Analysis and visualization for developer feedback.
This combination of LLM reasoning and statistical clustering lets you discover emerging failures without relying only on a fixed taxonomy. That's key when new failure modes appear as different agent designs are deployed.
Hallazgos técnicos y resultados de la comunidad
A community evaluation ran with 225 users, 300+ agents and open source models. Results summarized:
Familia de modelos
Mejor Planning
Mejor Execution
Limitación clave
GPT-4.1
68.2
72.4
Alucina en workflows complejos
Mistral-Large
64.7
69.1
Dificultad con secuencias multi-herramienta
LLaMA-4 Maverick
66.0
70.8
Falta preguntas de clarificación (arreglable)
LLaMA-3-70B
52.3
58.9
Colapsa en coordinación multi-agente
No model reached 85 points, the threshold defined as ready for deployment.
Failure distribution across 881 execution traces:
Ineffective Error Recovery: 31.2%
Overstated Completion: 23.8%
Formatting Issues: 21.4%
Unhandled Tool Errors: 10.3%
Ignored Feedback: 8.0%
Other: 5.3%
185 traces showed a new failure pattern and 164 had multiple new failures.

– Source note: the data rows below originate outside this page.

Lemma Lip01_mul f g : Lip01 f -> Lip01 g -> Lip01 (fun t => f t * g t).
Proof. intros Hf Hg. destruct (Lip01_bounded f Hf) as [Mf HMf]. destruct (Lip01_bounded g Hg) as [Mg HMg].
  destruct Hf as [L1 [H1 K1]]. destruct Hg as [L2 [H2 K2]].
  assert (0 <= Mf) by (specialize (HMf 0 ltac:(lra)); pose proof (Rabs_pos (f 0)); lra).
  assert (0 <= Mg) by (specialize (HMg 0 ltac:(lra)); pose proof (Rabs_pos (g 0)); lra).
  exists (Mf * L2 + Mg * L1). split; [nra|]. intros s t Hs Ht.
  replace (f s * g s - f t * g t) with (f s * (g s - g t) + g t * (f s - f t)) by ring.
  eapply Rle_trans; [apply Rabs_triang|]. rewrite !Rabs_mult.
  specialize (K1 s t Hs Ht). specialize (K2 s t Hs Ht). specialize (HMf s Hs). specialize (HMg t Ht).
  pose proof (Rabs_pos (f s)). pose proof (Rabs_pos (g t)). pose proof (Rabs_pos (g s - g t)). pose proof (Rabs_pos (f s - f t)).
  assert (Rabs (f s) * Rabs (g s - g t) <= Mf * (L2 * Rabs (s - t))) by (apply Rmult_le_compat; auto).
  assert (Rabs (g t) * Rabs (f s - f t) <= Mg * (L1 * Rabs (s - t))) by (apply Rmult_le_compat; auto).
  lra. Qed.

Lemma Lip01_fsum N (h : nat -> R -> R) : (forall m, (m < N)%nat -> Lip01 (h m)) -> Lip01 (fun t => fsum N (fun m => h m t)).
Proof. induction N; intros H; simpl. apply Lip01_const.
  apply (Lip01_plus (fun t => fsum N (fun m => h m t)) (h N)). apply IHN; intros; apply H; lia. apply H; lia. Qed.

Lemma Lip01_phi p m : Lip01 (phi p m).
Proof. exists (2 ^ p). split. apply pow_le; lra. intros; apply phi_lip. Qed.

Lemma Lip01_Delta f p : Lip01 (Delta f p).
Proof. unfold Delta. apply (Lip01_fsum _ (fun m t => coef f p m * phi p m t)). intros.
  apply (Lip01_mul (fun _ => coef f p m) (phi p m)). apply Lip01_const. apply Lip01_phi. Qed.

Lemma Lip01_SS f n : Lip01 (SS f n).
Proof. induction n; simpl. apply Lip01_const.
  apply (Lip01_plus (SS f n) (Delta f n)); auto. apply Lip01_Delta. Qed.

Lemma Lip01_Ppart d v w P i : Lip01 (Ppart d v w P i).
Proof. unfold Ppart. apply (Lip01_fsum _ (fun p t => fsum d (fun j => SS (v i j) p t * Delta (w j) p t))). intros.
  apply (Lip01_fsum _ (fun j t => SS (v i j) m t * Delta (w j) m t)). intros j _.
  apply (Lip01_mul (SS (v i j) m) (Delta (w j) m)). apply Lip01_SS. apply Lip01_Delta. Qed.

(** * Integrals of piecewise affine products *)

Lemma is_RInt_plus_R (f g : R -> R) a b If Ig : is_RInt f a b If -> is_RInt g a b Ig ->
  is_RInt (fun y => f y + g y) a b (If + Ig).
Proof. intros H1 H2. exact (is_RInt_plus f g a b If Ig H1 H2). Qed.

Lemma is_RInt_Chasles_R (f : R -> R) a b c l1 l2 : is_RInt f a b l1 -> is_RInt f b c l2 -> is_RInt f a c (l1 + l2).
Proof. intros H1 H2. exact (is_RInt_Chasles f a b c l1 l2 H1 H2). Qed.

Lemma is_RInt_point_R (f : R -> R) a : is_RInt f a a 0.
Proof. exact (is_RInt_point f a). Qed.

Lemma is_RInt_unique_R (f : R -> R) a b l : is_RInt f a b l -> RInt f a b = l.
Proof. apply (is_RInt_unique (V := R_CompleteNormedModule)). Qed.

Lemma is_RInt_ext_R (f g : R -> R) a b l : (forall x, Rmin a b < x < Rmax a b -> f x = g x) -> is_RInt f a b l -> is_RInt g a b l.
Proof. apply is_RInt_ext. Qed.

Lemma RInt_plus_R (f g : R -> R) a b : ex_RInt f a b -> ex_RInt g a b ->
  RInt (fun x => f x + g x) a b = RInt f a b + RInt g a b.
Proof. intros. apply (RInt_plus (V := R_CompleteNormedModule) f g); auto. Qed.

Lemma ex_RInt_plus_R (f g : R -> R) a b : ex_RInt f a b -> ex_RInt g a b ->
  ex_RInt (fun x => f x + g x) a b.
Proof. intros. apply (ex_RInt_plus f g); auto. Qed.

Lemma RInt_scal_R (f : R -> R) a b c : ex_RInt f a b -> RInt (fun x => c * f x) a b = c * RInt f a b.
Proof. intros. apply (RInt_scal (V := R_CompleteNormedModule) f); auto. Qed.

Lemma ex_RInt_scal_R (f : R -> R) a b c : ex_RInt f a b -> ex_RInt (fun x => c * f x) a b.
Proof. intros. apply (ex_RInt_scal f); auto. Qed.

Lemma RInt_ext_R (f g : R -> R) a b : (forall x, f x = g x) -> RInt f a b = RInt g a b.
Proof. intros H. apply RInt_ext. intros; auto. Qed.

Lemma ex_RInt_ext_R (f g : R -> R) a b : (forall x, f x = g x) -> ex_RInt f a b -> ex_RInt g a b.
Proof. intros H. apply ex_RInt_ext. intros; auto. Qed.

Lemma RInt_zero_R (f : R -> R) a b : (forall x, f x = 0) -> RInt f a b = 0.
Proof. intros H. rewrite (RInt_ext_R f (fun _ => 0)) by auto. rewrite RInt_const.
  apply (scal_zero_r (K := R_Ring) (V := R_ModuleSpace)). Qed.

Lemma is_RInt_affine_mul c x f0 s sg : c <= x ->
  is_RInt (fun y => (f0 + s * (y - c)) * sg) c x (sg * (f0 * (x - c) + s * (x - c) ^ 2 / 2)).
Proof. intros H.
  pose (F := fun y => sg * (f0 * (y - c) + s * (y - c) ^ 2 / 2)).
  replace (sg * (f0 * (x - c) + s * (x - c) ^ 2 / 2)) with (F x - F c) by (unfold F; simpl; field).
  apply (is_RInt_derive F (fun y => (f0 + s * (y - c)) * sg)).
  - intros y _. unfold F. auto_derive; auto. field.
  - intros y _. apply (ex_derive_continuous (fun y => (f0 + s * (y - c)) * sg)). auto_derive; auto.
Qed.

Recurrent patterns:
Misalignment between telemetry, alerts and historical work orders.
Overconfident conclusions with incomplete or late evidence.
Inconsistent aggregation of heterogeneous data across agents.
Premature action selection without sufficient verification.
Failures in multi-agent coordination: ignored inputs or action-reasoning mismatch.
Concrete operational insights:
Tool usage is a differentiator: top agents showed 94% accuracy in tool use vs 61% for low performers.
Multi-agent multiplies failures: single-agent task accuracy 68% vs multi-agent 47%.
RAG and access to manuals/failure docs improves performance, but requires structured reasoning to be effective.
Ambiguity (missing sensors, conflicting logs) reduces success rate by 34% if the agent doesn't ask clarifying questions.
Qué significa esto para diseñar agentes industriales
If you develop or evaluate plant agents, these points are practical:
Design explicit verification and escalation strategies; prefer deferring action under high uncertainty.
Implement active clarification (questions to the operator) when evidence is insufficient.
Model operational contexts and uncertainty; agents that quantify confidence produce more stable trajectories.
Log and analyze traces in aggregate; don't expose sensitive data, but provide actionable feedback.
Cómo participar y privacidad
AssetOpsBench-Live is open for competition. Participation flow:
Local validation with the simulated environment that includes representative data and a failure catalog.
Containerize your agent and submit it for remote execution on hidden scenarios.
You receive aggregated scores on the six dimensions and clustered failure summaries without exposing raw traces.
The evaluation is reproducible and preserves industrial confidentiality, delivering feedback designed to iterate on the agent without leaking sensitive data.
Reflexión final
AssetOpsBench isn't just another benchmark: it's a tool to move AI agents from isolated answers toward reliable, explainable workflows that can learn from their failures. Do you want an agent to operate in a machine room or support technical decisions? You need metrics that measure verification, sequencing and error handling. This benchmark gives you that mirror.